CHP’den yapılan açıklamada, Kılıçdaroğlu’nun Avrupa Sosyalistler Partisi (PES) üyesi partilerin genel başkanları ile Avrupa Birliği (AB) üyesi ülkelerin Türkiye büyükelçilerine bir mektup gönderdiği belirtildi.

Mektubunda CHP’nin, Türkiye ile AB arasındaki ilişkilerin hukuki temelini oluşturan Ankara Anlaşması’nı 1963’te imzalayan siyasi parti olduğunu hatırlatan Kılıçdaroğlu “Anlaşma imzalandığı sırada Başbakan olan partimizin ikinci Genel Başkanı İsmet İnönü, Avrupa bütünleşmesini şu sözlerle tanımlamıştı: ‘Beşeriyet tarihi boyunca insan zekasının vücuda getirdiği en cesur eser.’ İsmet İnönü, modern Türkiye Cumhuriyeti’nin Mustafa Kemal Atatürk ile iki kurucusundan biridir ve bu özlü ifadesi uzun siyasal hayatından damıttığı çok önemli bir deneyime dayanmaktadır.” değerlendirmesinde bulundu.

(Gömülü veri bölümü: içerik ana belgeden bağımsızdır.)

Lemma high_avg m : high (sched m) -> mu * (2 * blk).+1 * L m.+1 <= D * Sum z (L m.+1).
Proof.
move=> hi; have len_next : L m.+1 = L m + (p (K (L m)) - p J).
  by rewrite /L /= hi; case: (sched m).
rewrite len_next; have := Sum_sched_step m; rewrite /a /b hi len_next -/(L m) => ->.
set n := L m; set pK := p (K n); set s := Nat.sqrt pK; set t := pK - p J.
have le_K : K n <= pK := incr_ge p_incr _.
have le_Ds : (2 * D) * s <= pK by apply: sqrt_bound; rewrite /K in le_K; lia.
have le_t : (2 * blk).+1 * n + D * s <= t by rewrite /t /D /K in le_K le_Ds *; lia.
have sum_high : mu * t <= Sum w pK - Sum w (p J) + mu * s.
  by have := Sum_sq_word mu pK; have := Sum_le w (p J); rewrite /w /t mulnBr; lia.
have := leq_mul (leqnn mu) le_t; have := leq_mul (leqnn D) sum_high.
by rewrite /D; nia.
Qed.

Lemma high_inf N : exists m, N <= m /\ high (sched m).
Proof.
suff reach k m : s_start (sched m) + 1 - s_lows (sched m) <= k ->
    exists m', m <= m' /\ high (sched m') by exact: reach _ N (leqnn _).
elim: k m => [|k IH] m; case hi: (high (sched m)); try by exists m.
  by move: hi; rewrite /high; lia.
move=> le_k; have [m' [le_m' hi']] : exists m', m.+1 <= m' /\ high (sched m').
  by apply: IH; move: le_k; rewrite /= hi; case: (sched m) => ? ? ? /=; lia.
by exists m'; split => //; lia.
Qed.

Lemma L_ge m : m <= L m.
Proof. by rewrite -sched_len; have := seg_start_ge block_len_gt0 m; lia. Qed.

Lemma pumped_sq_word_not_LA :
  exists a b : nat -> nat, (forall m, a m < b m) /\ ~ L_LA mu (pump_word w p a b).
Proof.
exists a, b; split; first exact: lt_ab.
pose lo := (INR (mu * (2 * blk)) / INR D)%R.
pose hi := (INR (mu * (2 * blk).+1) / INR D)%R.
apply: (@oscillating_not_LA _ lo hi).
- apply: Rmult_lt_compat_r; first by apply/Rinv_0_lt_compat/lt_0_INR/ltP.
  by apply/lt_INR/ltP; rewrite ltn_pmul2l.
- move=> N; have [m [le_m hi_m]] := high_inf N.+1; have L_gt0 := L_ge m.
  exists (L m).-1; split; first lia.
  by apply: INR_div_le; rewrite // prednK 1?mulnC ?low_avg //; lia.
move=> N; have [m [le_m hi_m]] := high_inf N; have L_gt0 := L_ge m.+1.
exists (L m.+1).-1; split; first lia.
by apply: INR_div_le; rewrite // prednK 1?[_ * D]mulnC ?high_avg //; lia.
Qed.

End SqWordNotPumpable.

Lemma L_LA_not_pumpable mu : 0 < mu -> ~ pumpable (L_LA mu).
Proof.
move=> mu_gt0 pump_LA; have [p [p_incr Hp]] := pump_LA _ (sq_word_LA mu).
have [a [b [lt_ab not_LA]]] := pumped_sq_word_not_LA mu_gt0 p_incr.
exact: not_LA (Hp a b lt_ab).
Qed.

Theorem theorem15 (mu : nat) (hmu : 0 < mu) :
  ~ omega_regular (L_LA mu) /\ ~ omega_context_free (L_LA mu).
Proof.
split=> [[A accepts_LA]|[P accepts_LA]]; apply: (L_LA_not_pumpable hmu).
  by apply: (pumpable_ext accepts_LA); apply: buchi_pumpable.
by apply: (pumpable_ext accepts_LA); apply: bpda_pumpable.
Qed.
Lemma hessian_sym z : U z -> (hessian L z)^T = hessian L z.
Proof.
move=> Uz; have [r r0 r_U] := U_set_ball Uz.
apply/matrixP => i j; rewrite !mxE /partial.
have dL y : `|y - z| < r -> differentiable L y by move=> /r_U /L_C2 [].
have [_ dp] := L_C2 Uz.
exact: schwarz r0 dL (dp j) (dp i).
Qed.

Lemma is_derive2_line_eq y v z w :
  (forall t, U (y + t *: v)) -> (forall t, U (z + t *: w)) ->
  (forall t, L (y + t *: v) = L (z + t *: w)) ->
  qform (hessian L y) v = qform (hessian L z) w.
Proof.
move=> Uyv Uzw Lyz.
have dot_eq t : dot v (gradient L (y + t *: v)) = dot w (gradient L (z + t *: w)).
  apply: (@is_derive_unique _ (fun s => L (y + s *: v)) t).
    by apply: is_derive_line_dot; have [] := L_C2 (Uyv t).
  rewrite (funext (fun s => Lyz s)).
  by apply: is_derive_line_dot; have [] := L_C2 (Uzw t).
have d1 := is_derive_line_gradient (proj2 (L_C2 (Uyv 0))).
have d2 := is_derive_line_gradient (proj2 (L_C2 (Uzw 0))).
rewrite -(funext dot_eq) in d2.
by have := is_derive_unique d1 d2; rewrite !scale0r !addr0.
Qed.

Hypothesis L_inv : multi_group_scale_invariant L U.

Lemma qform_hessian_blk_scale c y v : (forall k, 0 < c k) ->
  (forall t, U (y + t *: v)) ->
  qform (hessian L y) v = qform (hessian L (blk_scale c y)) (blk_scale c v).
Proof.
move=> c_gt0 Uyv; apply: is_derive2_line_eq => // t.
  by rewrite -blk_scaleZ -blk_scaleD; exact: U_set_scale.
by rewrite -blk_scaleZ -blk_scaleD L_inv.
Qed.

Hypothesis rho_ub : has_ubound (rho_set L).
Local Notation rho := (sup (rho_set L)).

Lemma qform_hessian_le_rho z w : U z -> (forall k, blk_sqnorm z k = 1) ->
  qform (hessian L z) w <= rho * \sum_i w ord0 i ^+ 2.
Proof.
move=> Uz z1; apply: le_trans (qform_le_sup_eigenvalue _ (hessian_sym Uz)) _.
apply: ler_wpM2r; first by apply: sumr_ge0 => i _; exact: sqr_ge0.
by apply: ub_le_sup => //; exists z.
Qed.

Lemma rho_ge0 x (k0 : 'I_K) : U x -> 0 <= rho.
Proof.
move=> Ux; set z := blk_scale (blk_normalizer x) x.
have Uz : U z := U_set_scale (blk_normalizer_gt0 Ux) Ux.
have ray t : z + t *: z = blk_scale (fun=> 1 + t) z.
  by rewrite blk_scale_cst scalerDl scale1r.
have U_ray t : -1 < t -> U (z + t *: z).
  by move=> t1; rewrite ray; apply: U_set_scale => // _; lra.
have L_ray t : -1 < t -> L (z + t *: z) = L z.
  by move=> t1; rewrite ray L_inv // => _; lra.
have grad0 t : -1 < t -> dot z (gradient L (z + t *: z)) = 0.
  move=> t1; apply: (@is_derive_unique _ (fun s => L (z + s *: z)) t).
    by apply: is_derive_line_dot; have [] := L_C2 (U_ray t t1).
  apply: (@near_eq_is_derive _ _ _ (cst (L z))).
  by near=> s; rewrite /= L_ray //; near: s; exact: lt_nbhsr.
have qz : qform (hessian L z) z = 0.
  have := is_derive_line_gradient (proj2 (L_C2 (U_ray 0 (ltrN10 R)))).
  rewrite scale0r addr0 => d; apply: (is_derive_unique d).
  apply: (@near_eq_is_derive _ _ _ (cst 0)).
  by near=> s; rewrite /= grad0 //; near: s; exact: lt_nbhsr (ltrN10 R).
have := qform_hessian_le_rho z Uz (blk_sqnorm_normalize Ux).
rewrite qz sqr_sum_blk_scale.
under eq_bigr => k _ do rewrite -blk_sqnorm_scale blk_sqnorm_normalize //.
by rewrite pmulr_lge0 // sumr_const card_ord ltr0n (leq_ltn_trans _ (ltn_ord k0)).
Unshelve. all: by end_near.
Qed.

Lemma qform_hessian_segment_le x v t : U x -> (forall k, blk_dot x v k = 0) ->
  qform (hessian L (x + t *: v)) v
    <= rho * \sum_(k < K) blk_sqnorm v k / blk_sqnorm x k.
Proof.
move=> Ux xv0; set y := x + t *: v.
have Uy : U y := U_set_orthoD t Ux xv0.
have Uyv s : U (y + s *: v) by rewrite -addrA -scalerDl; exact: U_set_orthoD.
rewrite (qform_hessian_blk_scale (blk_normalizer_gt0 Uy) Uyv).
apply: le_trans (qform_hessian_le_rho _ (U_set_scale (blk_normalizer_gt0 Uy) Uy)
  (blk_sqnorm_normalize Uy)) _.
rewrite sqr_sum_blk_scale.
have [k0 _|noK] := pickP (fun _ : 'I_K => true); last first.
  by rewrite !big1 // => k; have := noK k.
apply: ler_wpM2l; first exact: rho_ge0 k0 Ux.
apply: ler_sum => k _; rewrite blk_normalizer_sqr mulrC.
apply: ler_wpM2l; first exact: blk_sqnorm_ge0.
have x_gt0 : 0 < blk_sqnorm x k by rewrite -blk_nonzeroE.
rewrite lef_pV2 ?posrE ?blk_sqnorm_le_orthoD //.
exact: lt_le_trans x_gt0 (blk_sqnorm_le_orthoD t (xv0 k)).
Qed.

End ScaleInvariantHessian.

Unset Implicit Arguments.

Theorem mainTheorem5 (R : realType) (K : nat) (dk : 'I_K -> nat)
  (hdk : forall k, (0 < dk k)%N)
  (L : 'rV[R]_(tot_dim dk) -> R)
  (hinv : multi_group_scale_invariant L ((@U_set R K dk)))
  (hdiff : twice_differentiable_on L ((@U_set R K dk)))
  (hrho : has_ubound (rho_set L)) :
  forall (x v : 'rV[R]_(tot_dim dk)), (@U_set R K dk) x ->
    (forall k, blk_dot x v k = 0) ->
    L (x + v) - L x <=
      dot v (gradient L x)
      + sup (rho_set L) / 2 * \sum_(k < K) blk_sqnorm v k / blk_sqnorm x k.
Proof.
move=> x v Ux xv0.
have C2_line t := hdiff _ (U_set_orthoD t Ux xv0).
have := taylor2_le (fun t => is_derive_line_dot (proj1 (C2_line t)))
  (fun t => is_derive_line_gradient (proj2 (C2_line t)))
  (fun t _ => qform_hessian_segment_le hdiff hinv hrho t Ux xv0).
by rewrite scale1r scale0r addr0 mulrAC.
Qed.
(* Let $\Bbbk$ be a commutative ring, let $A$ be a flat noetherian $\Bbbk$-algebra, and let $\mathfrak a\subseteq A$ be an ideal. Let $I:=\mathfrak a\otimes_\Bbbk A+A\otimes_\Bbbk\mathfrak a\subseteq A\otimes_\Bbbk A$, let $\widehat A=\Lambda_{\mathfrak a}(A)$ with completion map $\tau_A:A\to\widehat A$, let $\widehat{\mathfrak a}:=\mathfrak a\widehat A$, and let $J:=\widehat{\mathfrak a}\otimes_\Bbbk\widehat A+\widehat A\otimes_\Bbbk\widehat{\mathfrak a}=I\cdot(\widehat A\otimes_\Bbbk\widehat A)\subseteq\widehat A\otimes_\Bbbk\widehat A$. Then the induced ring homomorphism \[ \Lambda_I(\tau_A\otimes_\Bbbk\tau_A):\Lambda_I(A\otimes_\Bbbk A)\to\Lambda_J(\widehat A\otimes_\Bbbk\widehat A) \] is an isomorphism.
   Context: All rings are commutative and unital. For an ideal $\mathfrak c$ of a ring $R$ and an $R$-module $M$, $\Lambda_{\mathfrak c}(M)=\varprojlim_n R/\mathfrak c^n\otimes_RM$. $I$ denotes the ideal generated by $\mathfrak a\otimes1$ and $1\otimes\mathfrak a$, similarly for $J$. *)

From HB Require Import structures.
From mathcomp Require Import all_boot all_order all_algebra.
Set Implicit Arguments. Unset Strict Implicit. Unset Printing Implicit Defensive.
Import GRing.Theory.
Local Open Scope ring_scope.

Definition is_ideal (T : comPzRingType) (S : T -> Prop) : Prop :=
  S 0 /\ (forall x y, S x -> S y -> S (x + y)) /\ (forall r x, S x -> S (r * x)).

Definition gen_ideal (T : comPzRingType) (S : T -> Prop) : T -> Prop :=
  fun x => exists s : seq (T * T),
    (forall p, p \in s -> S p.2) /\ x = \sum_(p <- s) p.1 * p.2.

Fixpoint idpow (T : comPzRingType) (I : T -> Prop) (n : nat) : T -> Prop :=
  match n with
  | 0 => fun _ => True
  | n'.+1 => gen_ideal (fun z => exists x y, idpow I n' x /\ I y /\ z = x * y)
  end.

Definition noetherian (T : comPzRingType) : Prop :=
  forall F : nat -> T -> Prop, (forall n, is_ideal (F n)) ->
    (forall n x, F n x -> F n.+1 x) ->
    exists N, forall n, (N <= n)%N -> forall x, F n x -> F N x.

Definition klin (k : pzRingType) (M N : lmodType k) (f : M -> N) : Prop :=
  forall r x y, f (r *: x + y) = r *: f x + f y.

Definition kbilin (k A : comPzRingType) (iota : k -> A) (M T : lmodType k)
  (b : M -> A -> T) : Prop :=
  (forall m m' a, b (m + m') a = b m a + b m' a) /\
  (forall m a a', b m (a + a') = b m a + b m a') /\
  (forall r m a, b (r *: m) a = r *: b m a) /\
  (forall r m a, b m (iota r * a) = r *: b m a).

Definition is_tensor (k A : comPzRingType) (iota : k -> A) (M T : lmodType k)
  (b : M -> A -> T) : Prop :=
  kbilin iota b /\
  forall (Q : lmodType k) (g : M -> A -> Q), kbilin iota g ->
    exists h : T -> Q, klin h /\ (forall m a, h (b m a) = g m a) /\
      forall h' : T -> Q, klin h' -> (forall m a, h' (b m a) = g m a) ->
        forall t, h' t = h t.

Definition flat (k A : comPzRingType) (iota : k -> A) : Prop :=
  forall (M N : lmodType k) (u : M -> N), klin u -> injective u ->
  forall (TM TN : lmodType k) (bM : M -> A -> TM) (bN : N -> A -> TN),
    is_tensor iota bM -> is_tensor iota bN ->
    forall h : TM -> TN, klin h -> (forall m a, h (bM m a) = bN (u m) a) ->
      injective h.

(* (P, j1, j2) is the tensor product B (x)_k C of commutative k-algebras
   (k-algebra structures given by iB, iC), i.e. the pushout of commutative
   rings / coproduct of commutative k-algebras. *)
Definition is_tensor_alg (k B C P : comPzRingType) (iB : k -> B) (iC : k -> C)
  (j1 : {rmorphism B -> P}) (j2 : {rmorphism C -> P}) : Prop :=
  (forall r, j1 (iB r) = j2 (iC r)) /\
  forall (Q : comPzRingType) (f : {rmorphism B -> Q}) (g : {rmorphism C -> Q}),
    (forall r, f (iB r) = g (iC r)) ->
    exists h : {rmorphism P -> Q},
      (forall b, h (j1 b) = f b) /\ (forall c, h (j2 c) = g c) /\
      forall h' : {rmorphism P -> Q},
        (forall b, h' (j1 b) = f b) -> (forall c, h' (j2 c) = g c) ->
        forall x, h' x = h x.

(* Elements of Lambda_I(T) = lim_n T/I^n T are represented by compatible
   sequences c (c (n+1) = c n mod I^n), modulo the relation c ~ d iff
   c n = d n mod I^n for all n. *)
Definition compat (T : comPzRingType) (I : T -> Prop) (c : nat -> T) : Prop :=
  forall n, idpow I n (c n.+1 - c n).

Definition lim_eq (T : comPzRingType) (I : T -> Prop) (c d : nat -> T) : Prop :=
  forall n, idpow I n (c n - d n).

(* (Ahat, tau) is the a-adic completion Lambda_a(A) with its completion map:
   there is a ring isomorphism phi : Ahat -> lim_n A/a^n such that
   phi o tau is the canonical map A -> lim_n A/a^n. *)
Definition is_completion (A Ahat : comPzRingType) (a : A -> Prop)
  (tau : {rmorphism A -> Ahat}) : Prop :=
  exists phi : Ahat -> nat -> A,
    (forall y, compat a (phi y)) /\
    (forall y y', lim_eq a (phi (y + y')) (fun n => phi y n + phi y' n)) /\
    (forall y y', lim_eq a (phi (y * y')) (fun n => phi y n * phi y' n)) /\
    lim_eq a (phi 1) (fun _ => 1) /\
    (forall y y', lim_eq a (phi y) (phi y') -> y = y') /\
    (forall c, compat a c -> exists y, lim_eq a (phi y) c) /\
    (forall x, lim_eq a (phi (tau x)) (fun _ => x)).

(* Lambda_I(h) : Lambda_I(T) -> Lambda_J(T'), [c] |-> [h o c], is bijective
   (equivalently, being a ring map, an isomorphism). *)
Definition lambda_iso (T T' : comPzRingType) (I : T -> Prop) (J : T' -> Prop)
  (h : T -> T') : Prop :=
  (forall c d, compat I c -> compat I d ->
     lim_eq J (fun n => h (c n)) (fun n => h (d n)) -> lim_eq I c d) /\
  (forall e, compat J e -> exists c, compat I c /\ lim_eq J (fun n => h (c n)) e).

“İki dünya savaşından ilkini cephelerde savaşan bir subay, ikincisini ülkesini savaşın dışında tutmaya çalışan bir devlet başkanı olarak yaşamış olan İnönü, barışın korunmasının ne kadar cesur bir girişim olduğunun farkındaydı.” ifadesine yer veren CHP Genel Başkanı Kemal Kılıçdaroğlu, “Bugün de CHP olarak aynı görüşteyiz. Ülke olarak hem bu ‘en cesur esere’ katkı yapmayı hem de bu ‘en cesur eserin’ sonuçlarından tüm insanlığın yararlanmasını istiyoruz.” görüşünü paylaştı.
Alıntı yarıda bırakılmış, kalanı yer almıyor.